(Records drawn from a dataset)
Lemma shifts_flagV k M :
  M \in unitmx -> shifts_flag k M -> shifts_flag k (invmx M).
Proof.
move=> Mu Mk i; have -> : invmx M - 1%:M = - (invmx M *m (M - 1%:M)).
  by rewrite mulmxBr mulmx1 mulVmx // opprB.
rewrite mulmxN eqmx_opp mulmxA; apply: submx_trans (Mk i).
by apply: submxMr; apply: stablemx_invmx => //; apply: shifts_flag_stable Mk _.
Qed.

Lemma shifts_flag_commutator k M N : shifts_flag k M -> shifts_flag k N ->
  forall i, (V (i + k.+1) *m (M *m N - N *m M) <= V i)%MS.
Proof.
move=> Mk Nk i; case: k Mk Nk => [|k] Mk Nk.
  have Vi := V_mono i.
  have VM := shifts_flag_stable Mk; have VN := shifts_flag_stable Nk.
  have [c Mc] := scalar_on_quotient Vi (V_step i) (VM _) (VM _).
  have [d Nd] := scalar_on_quotient Vi (V_step i) (VN _) (VN _).
  rewrite addn1; apply: commutator_sub Mc _ Nd _;
    by rewrite stablemxD ?stablemxN ?stablemxC.
have Vi1 : (V i.+1 <= V (i + k.+1))%MS by apply: flag_homo; lia.
apply: (commutator_sub (c := 1) (d := 1) (U := V i.+1) (U' := V i.+1)).
- by have := Mk i.+1; rewrite addSnnS.
- exact: submx_trans (submxMr _ Vi1) (Nk i).
- by have := Nk i.+1; rewrite addSnnS.
- exact: submx_trans (submxMr _ Vi1) (Mk i).
Qed.

Lemma shifts_flag_commg k M N : M \in unitmx -> N \in unitmx ->
  shifts_flag k M -> shifts_flag k N ->
  shifts_flag k.+1 (invmx M *m invmx N *m M *m N).
Proof.
move=> Mu Nu Mk Nk i.
have -> : invmx M *m invmx N *m M *m N - 1%:M =
    invmx M *m invmx N *m (M *m N - N *m M).
  by rewrite mulmxBr !mulmxA -(mulmxA (invmx M) (invmx N) N) mulVmx // mulmx1 mulVmx.
rewrite mulmxA; apply: submx_trans (shifts_flag_commutator Mk Nk i); apply: submxMr.
have VMV := stablemx_invmx Mu (shifts_flag_stable Mk _).
have VNV := stablemx_invmx Nu (shifts_flag_stable Nk _).
exact: stablemxM.
Qed.

Lemma shifts_flag_full M : shifts_flag n M -> M = 1%:M.
Proof.
move=> /(_ 0); rewrite V0 submx0 => /eqP VM0; apply/eqP; rewrite -subr_eq0.
by apply/eqP/(row_full_inj V_full); rewrite VM0 mulmx0.
Qed.

End CompleteFlag.

Section Representation.

Variables (T : Type) (mul : T -> T -> T) (one : T) (inv : T -> T).
Variables (F : fieldType) (n : nat) (phi : T -> 'M[F]_n).
Hypotheses (HG : is_group mul one inv) (phi_unit : forall g, phi g \in unitmx).
Hypotheses (phiM : forall x y, phi (mul x y) = phi x *m phi y).
Hypothesis phi_inj : injective phi.

Lemma phi1 : phi one = 1%:M.
Proof.
case: HG => _ mul1x _ _ _.
by rewrite -[phi one]mulmx1 -(mulmxV (phi_unit one)) mulmxA -phiM mul1x.
Qed.

Lemma phiV x : phi (inv x) = invmx (phi x).
Proof.
case: HG => _ _ _ mulVx _.
by rewrite -[phi (inv x)]mulmx1 -(mulmxV (phi_unit x)) mulmxA -phiM mulVx phi1 mul1mx.
Qed.

Theorem soluble_gen_of_flag (V : nat -> 'M[F]_n) (S : T -> Prop) :
  V 0 = 0 -> (forall i, (V i <= V i.+1)%MS) ->
  (forall i, (\rank (V i.+1) <= (\rank (V i)).+1)%N) -> row_full (V n) ->
  (forall s, S s -> forall i, stablemx (V i) (phi s)) ->
  soluble mul one inv (gen mul one inv S).
Proof.
move=> V0 V_mono V_step V_full VS.
apply: (@soluble_gen_of_chain _ _ _ _ S (fun k x => shifts_flag V k (phi x)) n).
- move=> k; split=> [|x y|x]; rewrite ?phi1 ?phiM ?phiV; first exact: shifts_flag1.
    exact: shifts_flagM.
  exact: shifts_flagV.
- by move=> s /VS; apply: shifts_flag0.
- by move=> k x y; rewrite /commg !phiM !phiV mulmxA; apply: shifts_flag_commg.
- by move=> x /(shifts_flag_full V0 V_full); rewrite -phi1 => /phi_inj.
Qed.

End Representation.

Definition common_flag (F : fieldType) (a b : 'M[F]_3) : Prop :=
  exists l p : 'M[F]_3, [/\ \rank l = 1%N, \rank p = 2%N, (l <= p)%MS,
    stablemx l a && stablemx l b & stablemx p a && stablemx p b].

Section NoCommonFlag.

Variables (F : fieldType) (a c : 'M[F]_3).
Hypotheses (not_ac : ~ comm_mx a c) (no_flag : ~ common_flag a c).

Lemma stable_line_notin_plane (l p : 'M[F]_3) :
  \rank l = 1%N -> \rank p = 2%N -> stablemx l a -> stablemx l c ->
  stablemx p a -> stablemx p c -> ~~ (l <= p)%MS.
Proof.
move=> rl rp la lc pa pc; apply/negP => lp.
by apply: no_flag; exists l, p; rewrite la lc pa pc.
Qed.

Lemma plane_minimal_stable (X p : 'M[F]_3) :
  \rank p = 2%N -> stablemx p a -> stablemx p c ->
  (X <= p)%MS -> X != 0 -> stablemx X a -> stablemx X c -> (p <= X)%MS.
Proof.
move=> rp pa pc Xp X0 Xa Xc.
have /mxrank_leqif_sup[rXp <-] := Xp.
rewrite -mxrank_eq0 in X0; rewrite rp in rXp *.
have [rX1|] := eqVneq (\rank X) 1%N; last by lia.
by have /negP := stable_line_notin_plane rX1 rp Xa Xc pa pc.
Qed.

Lemma plane_stable_of_comm (p k : 'M[F]_3) :
  \rank p = 2%N -> stablemx p a -> stablemx p c ->
  k \in unitmx -> comm_mx a k -> comm_mx c k -> stablemx p k.
Proof.
move=> rp pa pc ku ak ck.
have rpk : \rank (p *m k) = 2%N by rewrite mxrankMfree ?row_free_unit.
have X0 : (p *m k :&: p)%MS != 0.
  rewrite -mxrank_eq0; have := mxrank_sum_cap (p *m k) p.
  by have := rank_leq_col (p *m k + p)%MS; rewrite rpk rp; lia.
have Xa := stablemx_cap (stablemx_mul_comm ak pa) pa.
have Xc := stablemx_cap (stablemx_mul_comm ck pc) pc.
have p_pk : (p <= p *m k)%MS.
  exact: submx_trans (plane_minimal_stable rp pa pc (capmxSr _ _) X0 Xa Xc) (capmxSl _ _).
by have /mxrank_leqif_sup[_ <-] := p_pk; rewrite rpk rp.
Qed.

Lemma eigenvalue_of_comm (y : 'M[F]_3) :
  comm_mx a y -> comm_mx c y -> exists m, eigenvalue y m.
Proof.
move=> ay cy.
have [v _ v0] : exists2 v : 'rV[F]_3, (v <= 1%:M)%MS & v != 0.
  by apply/rowV0Pn; rewrite -mxrank_eq0 mxrank1.
have [/eigenvectorP[m vm]|vy] := boolP (stablemx v y).
  by exists m; apply/rowV0Pn; exists v.
set Z := (v + v *m y)%MS.
have rZ : \rank Z = 2%N by rewrite mxrank_adds_row // rank_rV v0.
have [vyy|vyy] := boolP (v *m y *m y <= Z)%MS.
  have Zy : stablemx Z y by rewrite addsmxMr addsmx_sub addsmxSr vyy.
  have [|m /mxrankS] := scalar_on_quotient (submx1 Z) _ (submx1 _) Zy.
    by rewrite mxrank1 rZ.
  rewrite mul1mx rZ => rym; exists m.
  by rewrite /eigenvalue /eigenspace -mxrank_eq0 mxrank_ker; lia.
(* Otherwise v is a cyclic vector of y. *)
exfalso; apply: not_ac; apply/eqP; rewrite -subr_eq0 -[_ - _]mul1mx.
apply/eqP/(commutator_on_cyclic ay cy (submx1 v) (submx1 _) (submx1 _)) => w _.
apply: cyclic_span; apply: submx_trans (submx1 w) _.
by rewrite sub1mx /row_full mxrank_adds_row // rZ.
Qed.

Lemma stable_line_plane_of_comm (y : 'M[F]_3) :
  comm_mx a y -> comm_mx c y -> ~~ is_scalar_mx y ->
  exists l p : 'M[F]_3, [/\ \rank l = 1%N, \rank p = 2%N &
    [&& stablemx l a, stablemx l c, stablemx p a & stablemx p c]].
Proof.
move=> ay cy ny; have [m ym] := eigenvalue_of_comm ay cy.
set E := eigenspace y m; set I := y - m%:M.
have Is f : comm_mx f y -> stablemx I f.
  by move=> fy; apply/comm_mx_stable/comm_mx_sym/comm_mxB => //; apply: comm_mx_scalar.
have Es f : comm_mx f y -> stablemx E f.
  by move=> fy; apply/comm_mx_stable_eigenspace/comm_mx_sym.
have rE : \rank E = (3 - \rank I)%N by rewrite mxrank_ker.
have E0 : \rank E != 0%N by rewrite mxrank_eq0.
have I0 : \rank I != 0%N.
  by rewrite mxrank_eq0 subr_eq0; apply: contra ny => /eqP ->; apply: scalar_mx_is_scalar.
have := rank_leq_col I; have [rI1|rI1] := eqVneq (\rank I) 1%N => rI.
  by exists I, E; rewrite rI1 rE rI1 !Is ?Es.
by exists E, I; rewrite rE; split; [lia | lia | rewrite !Is ?Es].
Qed.

Lemma stable_plane_sub_eigenspace (l p k : 'M[F]_3) :
  \rank l = 1%N -> \rank p = 2%N -> stablemx l a -> stablemx l c ->
  stablemx p a -> stablemx p c -> comm_mx a k -> comm_mx c k -> stablemx p k ->
  exists m, (p <= eigenspace k m)%MS.
Proof.
move=> rl rp la lc pa pc ak ck pk.
have [v vp v0] : exists2 v : 'rV[F]_3, (v <= p)%MS & v != 0.
  by apply/rowV0Pn; rewrite -mxrank_eq0 rp.
have [/eigenvectorP[m vm]|vk] := boolP (stablemx v k).
  have Es f : comm_mx f k -> stablemx (eigenspace k m) f.
    by move=> fk; apply/comm_mx_stable_eigenspace/comm_mx_sym.
  exists m; apply: submx_trans (capmxSr p (eigenspace k m)).
  apply: plane_minimal_stable; rewrite ?capmxSl ?stablemx_cap ?Es //.
  by apply/rowV0Pn; exists v; rewrite // sub_capmx vp.
(* Otherwise v is a cyclic vector of k on p, and a, c commute on p and on l. *)
exfalso; apply: not_ac; apply/eqP; rewrite -subr_eq0.
have /row_subPn[i lip] := stable_line_notin_plane rl rp la lc pa pc.
have pv : (p <= v + v *m k)%MS.
  have vp' : (v + v *m k <= p)%MS by rewrite addsmx_sub vp (submx_trans (submxMr k vp)).
  by have /mxrank_leqif_sup[_ <-] := vp'; rewrite mxrank_adds_row // rank_rV v0 rp.
have p0 : p *m (a *m c - c *m a) = 0.
  apply: (commutator_on_cyclic ak ck vp pa pc) => w wp; apply: cyclic_span.
  exact: submx_trans wp (submx_trans pv (addsmxSl _ _)).
have li0 : row i l *m (a *m c - c *m a) = 0.
  by rewrite -row_mul commutator_on_line ?rl ?row0.
have full : (1%:M <= p + row i l)%MS.
  by rewrite sub1mx /row_full mxrank_adds_row // rp.
have : (1%:M <= kermx (a *m c - c *m a))%MS.
  by apply: submx_trans full _; rewrite addsmx_sub; apply/andP; split; apply/sub_kermxP.
by move/sub_kermxP; rewrite mul1mx => ->.
Qed.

▸ **Task description**: Using the entries above, return exactly the lines from the line with "have I0 : \rank I != 0%N." to the line with "by exists I, E; rewrite rI1 rE rI1 !Is ?Es.", counting both of those lines.

▸ **Exercise response**:
have I0 : \rank I != 0%N.
  by rewrite mxrank_eq0 subr_eq0; apply: contra ny => /eqP ->; apply: scalar_mx_is_scalar.
have := rank_leq_col I; have [rI1|rI1] := eqVneq (\rank I) 1%N => rI.
  by exists I, E; rewrite rI1 rE rI1 !Is ?Es.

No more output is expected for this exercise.